ACQ: It seems as though you felt empowered because you had a support system of Black folk around you who made you feel special.

RC: And a vision of what it looked like. [Linda] woke up every morning at four or five, and she would write for two hours before her classes. She herself had an advisor, and they would meet and have coffee. And then in the afternoon, she and I had some bonding moments. She was the first person to tell me that I was an artist.

ACQ: I want to hear a little bit more about how that carried you through. In the book, when you were just starting out, you said you had a mattress on the ground, you had a studio apartment. I'm sorry to say that my mattress is still on the ground, because I don't know how to put together a bed and I'm not going to pretend that I do. And LA is such a strange place. You can see the Hollywood sign while being broke as hell. You can be on a movie set while sleeping on a mattress on the ground.

RC: I didn't mind it. I think I felt was living the life of a person who was pursuing their dream. That was the romance — that I could make something out of nothing.

ACQ: What was LA like back then in the 80’s?

RC: The emergence of hip hop.

We were at the very beginning.

We were doing our thing. So you had like, Heavy D & the Boyz. And Big Daddy Kane. So you were listening to the pioneers of hip hop. And I think for us, we [represented] an artistic introduction to filmmakers, like Spike Lee and Robert Townsend and Keenan Ivory Wayans, [who wanted] to see representation that was not happening at the time. You had people playing gang members who were just actors. And it seemed so fake to us.

ACQ: Were you the only Black girl in costumes back then?

RC: There was this guy named Palmer Brown. He was in television, and he made a mark for himself. Francine Tanchuck, who had been working on the support side as a supervisor. And I knew of people who were support staff, but I did not know of anyone in film that I could say hi [to]. So I looked to anyone. And you know, I would write them letters. Nobody ever brought me on. But at the same time, I got busy with Spike and these guys. I was so busy that if someone else had offered me an internship on their film, I couldn't take it.

ACQ: It's so interesting to me that this decision that you made to do your own thing years later becomes cornerstones of Black culture, films, aesthetics. How does that feel?

RC:: Well, every film opportunity was an opportunity for me to learn the medium. So now, years later, I can say that I was not only learning the medium, I was actually learning how to have a voice. I came out of theater, and I was like, how do I make my movies theatrical and dramatic? How do I bring [the] strong point of view that I've seen in theater productions? And so now looking back…I can see the aesthetic. I can see the art.

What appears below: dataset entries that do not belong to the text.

(* Let $r\geq1$ be odd, $m\geq 3$, $n=(r+1)m$, let $u$ be an integer with $\gcd(u,2^m-1)=1$, let $\alpha$ be a primitive element of $\mathbb{F}_{2^{rm}}$, and let $0\leq s,l\leq 2^{rm}-2$ be integers. For $0\le k\le 2^{rm}-2$ let $\Delta_k=\{\alpha^i\mid k\leq i\leq k+2^{rm-1}-1\}$. Let $F\colon\mathbb{F}_{2^{rm}}\times\mathbb{F}_{2^m}\to\mathbb{F}_2$ be the Boolean function with $$\mathrm{supp}(F)=\{(\gamma y^u,y)\mid y\in\mathbb{F}_{2^m}^*,\ \gamma\in\Delta_s\}\cup\{(\gamma,0)\mid\gamma\in\Delta_l\}.$$ Then the bivariate representation of $F$ over $\mathbb{F}_{2^{rm}}\times\mathbb{F}_{2^m}$ is $$F(x,y)=\sum_{\substack{i=1\\(2^m-1)\nmid i}}^{2^{rm}-2}\alpha^{-is}(1+\alpha^{-i})^{2^{rm-1}-1}x^iy^{2^m-1-\overline{ui}}+\sum_{j=1}^{\frac{2^{rm}-1}{2^m-1}-1}\alpha^{-(2^m-1)js}\bigl(1+\alpha^{-(2^m-1)j}\bigr)^{2^{rm-1}-1}x^{(2^m-1)j}y^{2^m-1}$$ $$\qquad+\sum_{i=1}^{2^{rm}-2}\alpha^{-il}(1+\alpha^{-i})^{2^{rm-1}-1}x^i(1+y^{2^m-1}),$$ where $\overline{ui}$ denotes the reduction of $ui$ modulo $2^m-1$ in $\{0,1,\dots,2^m-2\}$. Consequently $\deg F=n-1$.
   Context: $\mathbb{F}_{2^{rm}}\times\mathbb{F}_{2^m}$ is viewed as an $n$-dimensional $\mathbb{F}_2$-vector space ($\mathbb{F}_{2^m}\subseteq\mathbb{F}_{2^{rm}}$). The bivariate representation of a Boolean function on $\mathbb{F}_{2^{rm}}\times\mathbb{F}_{2^m}$ is the unique polynomial $\sum_{i=0}^{2^{rm}-1}\sum_{j=0}^{2^m-1}c_{i,j}x^iy^j$ with $c_{i,j}\in\mathbb{F}_{2^{rm}}$ agreeing with the function everywhere. $\deg F$ is the algebraic degree of $F$ (degree of its algebraic normal form in $n$ binary coordinates). *)

From HB Require Import structures.
From mathcomp Require Import all_boot all_order all_algebra all_field.
Set Implicit Arguments. Unset Strict Implicit. Unset Printing Implicit Defensive.
Import Order.TTheory GRing.Theory Num.Theory.
Local Open Scope ring_scope.

(* L plays the role of F_{2^{rm}}; the subfield F_{2^m} is {y | y^(2^m) = y}. *)
Definition inSub (L : finFieldType) (m : nat) (y : L) : bool := y ^+ (2 ^ m) == y.

Definition inDelta (L : finFieldType) (r m : nat) (alpha : L) (k : nat) (g : L) : bool :=
  [exists i : 'I_(2 ^ (r * m) * 2), (k <= i <= k + 2 ^ (r * m).-1 - 1)%N && (g == alpha ^+ i)].

Definition Fsupp (L : finFieldType) (r m : nat) (u : int) (alpha : L) (s l : nat)
  (x y : L) : bool :=
  [exists y' : L, exists g : L,
     [&& inSub m y', y' != 0, inDelta r m alpha s g & (x, y) == (g * y' ^ u, y')]]
  || [exists g : L, inDelta r m alpha l g && ((x, y) == (g, 0))].

Definition bivF (L : finFieldType) (r m : nat) (u : int) (alpha : L) (s l : nat)
  (x y : L) : L :=
  let q := (2 ^ m - 1)%N in
  let N := (2 ^ (r * m))%N in
  let e := (2 ^ (r * m).-1 - 1)%N in
  \sum_(1 <= i < N.-1 | ~~ (q %| i)%N)
      alpha ^- (i * s) * (1 + alpha ^- i) ^+ e * x ^+ i
        * y ^+ (q - `|((u * i%:Z) %% q%:Z)%Z|)%N
  + \sum_(1 <= j < (N.-1 %/ q)%N)
      alpha ^- (q * j * s) * (1 + alpha ^- (q * j)) ^+ e * x ^+ (q * j) * y ^+ q
  + \sum_(1 <= i < N.-1)
      alpha ^- (i * l) * (1 + alpha ^- i) ^+ e * x ^+ i * (1 + y ^+ q).

(* Algebraic degree of a Boolean function on F_2^n via its algebraic normal form:
   g(x) = sum_u a_u x^u with a_u = sum_{x <= u} g(x) (Moebius transform). *)
Definition anf_coef (n : nat) (g : 'rV['F_2]_n -> 'F_2) (v : 'rV['F_2]_n) : 'F_2 :=
  \sum_(w : 'rV['F_2]_n | [forall i, (w ord0 i != 0) ==> (v ord0 i != 0)]) g w.

Definition hwt (n : nat) (v : 'rV['F_2]_n) : nat := #|[set i | v ord0 i != 0]|.

Definition alg_deg (n : nat) (g : 'rV['F_2]_n -> 'F_2) : nat :=
  \max_(v : 'rV['F_2]_n | anf_coef g v != 0) hwt v.

(* phi is an F_2-linear bijection from F_2^n onto F_{2^{rm}} x F_{2^m}
   (additive = F_2-linear; injective + image in L x K + cardinality => bijective) *)
Definition coord_iso (L : finFieldType) (m n : nat) (phi : 'rV['F_2]_n -> L * L) : Prop :=
  [/\ {morph phi : a b / a + b}, injective phi & forall v, inSub m (phi v).2].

ACQ: I remember working with your archives and seeing the level of care and detail, like mud on the fabric from Roots. And it shocked me that you had not won an Oscar yet. It makes me think of what happens when Black folk are awarded later in life. It makes me think about the frustration that we might feel at the beginning, because white people might receive awards sooner than we do. Did you feel frustrated?

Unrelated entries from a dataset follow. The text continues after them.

Fixpoint rho (x : Str) : form :=
  match x with
  | SF a => a
  | SComp x y => Mul (rho x) (rho y)
  | SEmpty => One
  end.

Definition theta (d : stoup) : form :=
  match d with None => Zero | Some a => a end.

Definition tau (s : sequent) : form := Bang (LDiv (rho (fst s)) (theta (snd s))).

Fixpoint tauchain (l : list sequent) : Str :=
  match l with
  | [] => SEmpty
  | [s] => SF (tau s)
  | s :: l' => SComp (SF (tau s)) (tauchain l')
  end.

(* Structural rules: e, c, w (w = i and o) *)
Inductive srule : Type := Re | Rc | Rw.

(* Derivability.  [bg] = true: the calculus with ! (NACCLL^-/NACCLL);
   [bg] = false: its !-free fragment (InFNL/CyInFNL): the ! rules are
   omitted and every sequent in the derivation must be !-free.
   [cy] = true adds the cyclic initial sequents ~a => -a, -a => ~a.
   [R] : the structural rules added.  [S] : the non-logical leaves. *)
Definition ok (bg : bool) (x : Str) (d : stoup) : Prop :=
  bg = true \/ (bangfree_str x /\ bangfree_stoup d).

Inductive Deriv (bg cy : bool) (R : srule -> Prop) (S : sequent -> Prop)
  : Str -> stoup -> Prop :=
| d_unit : forall x y d, Deriv bg cy R S x d -> norm x = norm y -> ok bg y d ->
    Deriv bg cy R S y d
| d_hyp : forall x d, S (x, d) -> ok bg x d -> Deriv bg cy R S x d
| d_id : forall a, ok bg (SF a) (Some a) -> Deriv bg cy R S (SF a) (Some a)
| d_one : Deriv bg cy R S SEmpty (Some One)
| d_zero : Deriv bg cy R S (SF Zero) None
| d_ax1 : forall a, ok bg (SF (neg_l (neg_r a))) (Some a) ->
    Deriv bg cy R S (SF (neg_l (neg_r a))) (Some a)
| d_ax2 : forall a, ok bg (SF (neg_r (neg_l a))) (Some a) ->
    Deriv bg cy R S (SF (neg_r (neg_l a))) (Some a)
| d_ax3 : forall a b, ok bg (SF (RDiv (neg_l a) b)) (Some (LDiv a (neg_r b))) ->
    Deriv bg cy R S (SF (RDiv (neg_l a) b)) (Some (LDiv a (neg_r b)))
| d_ax4 : forall a b, ok bg (SF (LDiv a (neg_r b))) (Some (RDiv (neg_l a) b)) ->
    Deriv bg cy R S (SF (LDiv a (neg_r b))) (Some (RDiv (neg_l a) b))
| d_cyc1 : forall a, cy = true -> ok bg (SF (neg_l a)) (Some (neg_r a)) ->
    Deriv bg cy R S (SF (neg_l a)) (Some (neg_r a))
| d_cyc2 : forall a, cy = true -> ok bg (SF (neg_r a)) (Some (neg_l a)) ->
    Deriv bg cy R S (SF (neg_r a)) (Some (neg_l a))
| d_cut : forall x a u d,
    Deriv bg cy R S x (Some a) -> Deriv bg cy R S (fill u (SF a)) d ->
    ok bg (fill u x) d -> Deriv bg cy R S (fill u x) d
| d_oneL : forall u d, Deriv bg cy R S (fill u SEmpty) d ->
    ok bg (fill u (SF One)) d -> Deriv bg cy R S (fill u (SF One)) d
| d_zeroR : forall x, Deriv bg cy R S x None -> Deriv bg cy R S x (Some Zero)
| d_ldivL : forall x a b u d,
    Deriv bg cy R S x (Some a) -> Deriv bg cy R S (fill u (SF b)) d ->
    ok bg (fill u (SComp x (SF (LDiv a b)))) d ->
    Deriv bg cy R S (fill u (SComp x (SF (LDiv a b)))) d
| d_ldivR : forall x a b, Deriv bg cy R S (SComp (SF a) x) (Some b) ->
    ok bg x (Some (LDiv a b)) -> Deriv bg cy R S x (Some (LDiv a b))
| d_rdivL : forall x a b u d,
    Deriv bg cy R S x (Some a) -> Deriv bg cy R S (fill u (SF b)) d ->
    ok bg (fill u (SComp (SF (RDiv b a)) x)) d ->
    Deriv bg cy R S (fill u (SComp (SF (RDiv b a)) x)) d
| d_rdivR : forall x a b, Deriv bg cy R S (SComp x (SF a)) (Some b) ->
    ok bg x (Some (RDiv b a)) -> Deriv bg cy R S x (Some (RDiv b a))
| d_mulL : forall u a b d, Deriv bg cy R S (fill u (SComp (SF a) (SF b))) d ->
    ok bg (fill u (SF (Mul a b))) d -> Deriv bg cy R S (fill u (SF (Mul a b))) d
| d_mulR : forall x y a b, Deriv bg cy R S x (Some a) -> Deriv bg cy R S y (Some b) ->
    Deriv bg cy R S (SComp x y) (Some (Mul a b))
| d_andL1 : forall u a b d, Deriv bg cy R S (fill u (SF a)) d ->
    ok bg (fill u (SF (And a b))) d -> Deriv bg cy R S (fill u (SF (And a b))) d
| d_andL2 : forall u a b d, Deriv bg cy R S (fill u (SF b)) d ->
    ok bg (fill u (SF (And a b))) d -> Deriv bg cy R S (fill u (SF (And a b))) d
| d_andR : forall x a b, Deriv bg cy R S x (Some a) -> Deriv bg cy R S x (Some b) ->
    Deriv bg cy R S x (Some (And a b))
| d_orL : forall u a b d, Deriv bg cy R S (fill u (SF a)) d ->
    Deriv bg cy R S (fill u (SF b)) d -> Deriv bg cy R S (fill u (SF (Or a b))) d
| d_orR1 : forall x a b, Deriv bg cy R S x (Some a) ->
    ok bg x (Some (Or a b)) -> Deriv bg cy R S x (Some (Or a b))
| d_orR2 : forall x a b, Deriv bg cy R S x (Some b) ->
    ok bg x (Some (Or a b)) -> Deriv bg cy R S x (Some (Or a b))
| d_bangL : forall u a d, bg = true -> Deriv bg cy R S (fill u (SF a)) d ->
    Deriv bg cy R S (fill u (SF (Bang a))) d
| d_bangR : forall k a, bg = true -> isK k -> Deriv bg cy R S k (Some a) ->
    Deriv bg cy R S k (Some (Bang a))
| d_kw : forall u k d, bg = true -> isK k -> Deriv bg cy R S (fill u SEmpty) d ->
    Deriv bg cy R S (fill u k) d
| d_kc : forall u k d, bg = true -> isK k -> Deriv bg cy R S (fill u (SComp k k)) d ->
    Deriv bg cy R S (fill u k) d
| d_ke1 : forall u k y d, bg = true -> isK k ->
    Deriv bg cy R S (fill u (SComp k y)) d -> Deriv bg cy R S (fill u (SComp y k)) d
| d_ke2 : forall u k y d, bg = true -> isK k ->
    Deriv bg cy R S (fill u (SComp y k)) d -> Deriv bg cy R S (fill u (SComp k y)) d
| d_ka1a : forall u k y z d, bg = true -> isK k ->
    Deriv bg cy R S (fill u (SComp (SComp k y) z)) d ->
    Deriv bg cy R S (fill u (SComp k (SComp y z))) d
| d_ka1b : forall u k y z d, bg = true -> isK k ->
    Deriv bg cy R S (fill u (SComp k (SComp y z))) d ->
    Deriv bg cy R S (fill u (SComp (SComp k y) z)) d
| d_ka2a : forall u k x y d, bg = true -> isK k ->
    Deriv bg cy R S (fill u (SComp (SComp x y) k)) d ->
    Deriv bg cy R S (fill u (SComp x (SComp y k))) d
| d_ka2b : forall u k x y d, bg = true -> isK k ->
    Deriv bg cy R S (fill u (SComp x (SComp y k))) d ->
    Deriv bg cy R S (fill u (SComp (SComp x y) k)) d
| d_e : forall u x y d, R Re -> Deriv bg cy R S (fill u (SComp x y)) d ->
    Deriv bg cy R S (fill u (SComp y x)) d
| d_c : forall u x d, R Rc -> Deriv bg cy R S (fill u (SComp x x)) d ->
    Deriv bg cy R S (fill u x) d
| d_i : forall u x d, R Rw -> Deriv bg cy R S (fill u SEmpty) d ->
    ok bg (fill u x) d -> Deriv bg cy R S (fill u x) d
| d_o : forall x a, R Rw -> Deriv bg cy R S x None -> ok bg x (Some a) ->
    Deriv bg cy R S x (Some a).

Definition InFNL_der (R : srule -> Prop) (S : sequent -> Prop) (x : Str) (d : stoup) :=
  Deriv false false R S x d.
Definition CyInFNL_der (R : srule -> Prop) (S : sequent -> Prop) (x : Str) (d : stoup) :=
  Deriv false true R S x d.
Definition NACCLLm_prov (R : srule -> Prop) (x : Str) (d : stoup) :=
  Deriv true false R (fun _ => False) x d.
Definition NACCLL_prov (R : srule -> Prop) (x : Str) (d : stoup) :=
  Deriv true true R (fun _ => False) x d.

From Stdlib Require Import List ClassicalEpsilon.

(* Forward: every sequent [y => d] of a derivation from s_1, ..., s_n becomes
   [y o K => d], where K = tau(s_1) o (... o tau(s_n)).  K is a k-structure, so it
   can be weakened, contracted, exchanged and reassociated freely, and a hypothesis
   s_i = (y => d) is recovered from [y o !(rho(y) \ theta(d)) => d] by (! =>) and (\ =>).

   Backward: interpret the calculus with ! in a residuated algebra with an absorbing
   bottom, reading !m as 1 when 1 <= m and as bottom otherwise.  k-structures then
   denote 1 or bottom, which validates the k-rules.  In the Lindenbaum algebra of
   !-free formulas modulo derivability from s_1, ..., s_n (with 0 as bottom under
   weakening, and with a bottom and a top adjoined otherwise) every tau(s_i) denotes
   1, so soundness turns [x o K => d] into rho(x) |- theta(d). *)

Set Implicit Arguments.

Fixpoint ctx_comp (v u : Ctx) : Ctx :=
  match v with
  | Hole => u
  | CL v y => CL (ctx_comp v u) y
  | CR x v => CR x (ctx_comp v u)
  end.

Lemma fill_ctx_comp v u z : fill (ctx_comp v u) z = fill v (fill u z).
Proof. induction v; simpl; congruence. Qed.

Lemma ok_true x d : ok true x d.
Proof. now left. Qed.
#[local] Hint Resolve ok_true : core.

Lemma isK_tauchain l : isK (tauchain l).
Proof.
  induction l as [|s l IH]; simpl; auto.
  destruct l; simpl; auto.
Qed.

Fixpoint bangfree_ctx (u : Ctx) : Prop :=
  match u with
  | Hole => True
  | CL u y => bangfree_ctx u /\ bangfree_str y
  | CR x u => bangfree_str x /\ bangfree_ctx u
  end.

Lemma bangfree_fill u z : bangfree_str (fill u z) <-> bangfree_ctx u /\ bangfree_str z.
Proof. induction u; simpl; try rewrite IHu; tauto. Qed.

Lemma bangfree_rho y : bangfree_str y -> bangfree (rho y).
Proof. induction y; simpl; tauto. Qed.

Lemma bangfree_theta d : bangfree_stoup d -> bangfree (theta d).
Proof. now destruct d. Qed.

Ltac solve_ok := right; split; simpl; try rewrite bangfree_fill; simpl;
  intuition auto using bangfree_rho, bangfree_theta.

Section KStructures.
Variables (cy : bool) (R : srule -> Prop) (S : sequent -> Prop).
Local Notation D := (Deriv true cy R S).

Lemma k_exchange_iff u k y d : isK k ->
  D (fill u (SComp k y)) d <-> D (fill u (SComp y k)) d.
Proof. split; [apply d_ke1 | apply d_ke2]; auto. Qed.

RC: No, because I didn't look to them for validation. I knew that there were awards that were handed out to the same people over and over again in costume design. So people like Spike Lee said to me, don't worry about winning awards. Just do a good job. When we think that this is going to be it, and then it doesn't get you the award, is everything that you've accomplished negated? And all of these awards are biased and racist. They're based on a lot of subjectivity. And so how do you measure your own worth? Based on something that doesn't really know you?

ACQ: When I first came to the U.S. as someone from Trinidad, seeing the way that structural racism worked in America, I could not understand how it was possible to navigate life while also having your self worth remain intact. How did you manage that?

RC: In order to rise above that, you have to see yourself in a bigger light — that is someone who is worthy of opportunity, worthy of knowledge, worthy of beauty on your own standard. And that stayed with me.